▶ _Exercise goal_: Let your answer be the line containing "(forall phi, Lip0" and every line below it to the end of the records, copied exactly.

[Stored items]
******************************
Theorem proposition3p15 (R : realType) (M : Type) (d : M -> M -> R) (x0 : M)
    (f : M -> M) :
  is_metric d -> complete_metric d ->
  Lip0_map d x0 f ->
  nonempty_interior d x0 (return_set d x0 (fhat f)) ->
  (~ exists mu : functional R M,
       [/\ in_free d x0 mu, ~ in_span_delta d x0 mu &
           exists nu, in_span_delta d x0 nu /\
             (fun n => dnorm d x0 (fsub (iter n (fhat f) mu) nu)) @ \oo --> (0 : R)])
  /\
  (forall mu nu : functional R M, in_free d x0 mu -> in_free d x0 nu ->
     (forall phi, Lip0 d x0 phi -> fhat f mu phi = fhat f nu phi) ->
     forall phi, Lip0 d x0 phi -> mu phi = nu phi).
Proof.
move=> Hm _ Hf [mu0 [Hmu0 [r [r0 Hball]]]].
have rigid := orbit_vanishes_eq0 Hm Hf Hmu0 r0 Hball.
have eq_of_sub0 (mu nu : functional R M) phi : fsub mu nu phi = 0 -> mu phi = nu phi.
  by move/eqP; rewrite subr_eq0 => /eqP.
split.
- move=> [mu [Hmu Hns [nu [Hnu Hcv]]]]; apply: Hns.
  have Hw := free_sub Hm Hmu (span_free Hm Hnu).
  have Hzero := rigid _ Hw (orbit_vanishes_sub_limit Hm Hf Hmu Hnu Hcv).
  have [s Hs] := Hnu; exists s => psi Hpsi.
  by rewrite -Hs //; apply: eq_of_sub0; exact: Hzero.
- move=> mu nu Hmu Hnu Heq phi Hphi; apply: eq_of_sub0.
  apply: rigid Hphi; first exact: free_sub.
  apply: (orbit_vanishes_kernel Hm Hf) => psi Hpsi.
  by rewrite /fhat /fsub -!/(fhat f _ psi) Heq // subrr.
Qed.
******************************
▶ _Written answer_:
     (forall phi, Lip0 d x0 phi -> fhat f mu phi = fhat f nu phi) ->
     forall phi, Lip0 d x0 phi -> mu phi = nu phi).
Proof.
move=> Hm _ Hf [mu0 [Hmu0 [r [r0 Hball]]]].
have rigid := orbit_vanishes_eq0 Hm Hf Hmu0 r0 Hball.
have eq_of_sub0 (mu nu : functional R M) phi : fsub mu nu phi = 0 -> mu phi = nu phi.
  by move/eqP; rewrite subr_eq0 => /eqP.
split.
- move=> [mu [Hmu Hns [nu [Hnu Hcv]]]]; apply: Hns.
  have Hw := free_sub Hm Hmu (span_free Hm Hnu).
  have Hzero := rigid _ Hw (orbit_vanishes_sub_limit Hm Hf Hmu Hnu Hcv).
  have [s Hs] := Hnu; exists s => psi Hpsi.
  by rewrite -Hs //; apply: eq_of_sub0; exact: Hzero.
- move=> mu nu Hmu Hnu Heq phi Hphi; apply: eq_of_sub0.
  apply: rigid Hphi; first exact: free_sub.
  apply: (orbit_vanishes_kernel Hm Hf) => psi Hpsi.
  by rewrite /fhat /fsub -!/(fhat f _ psi) Heq // subrr.
Qed.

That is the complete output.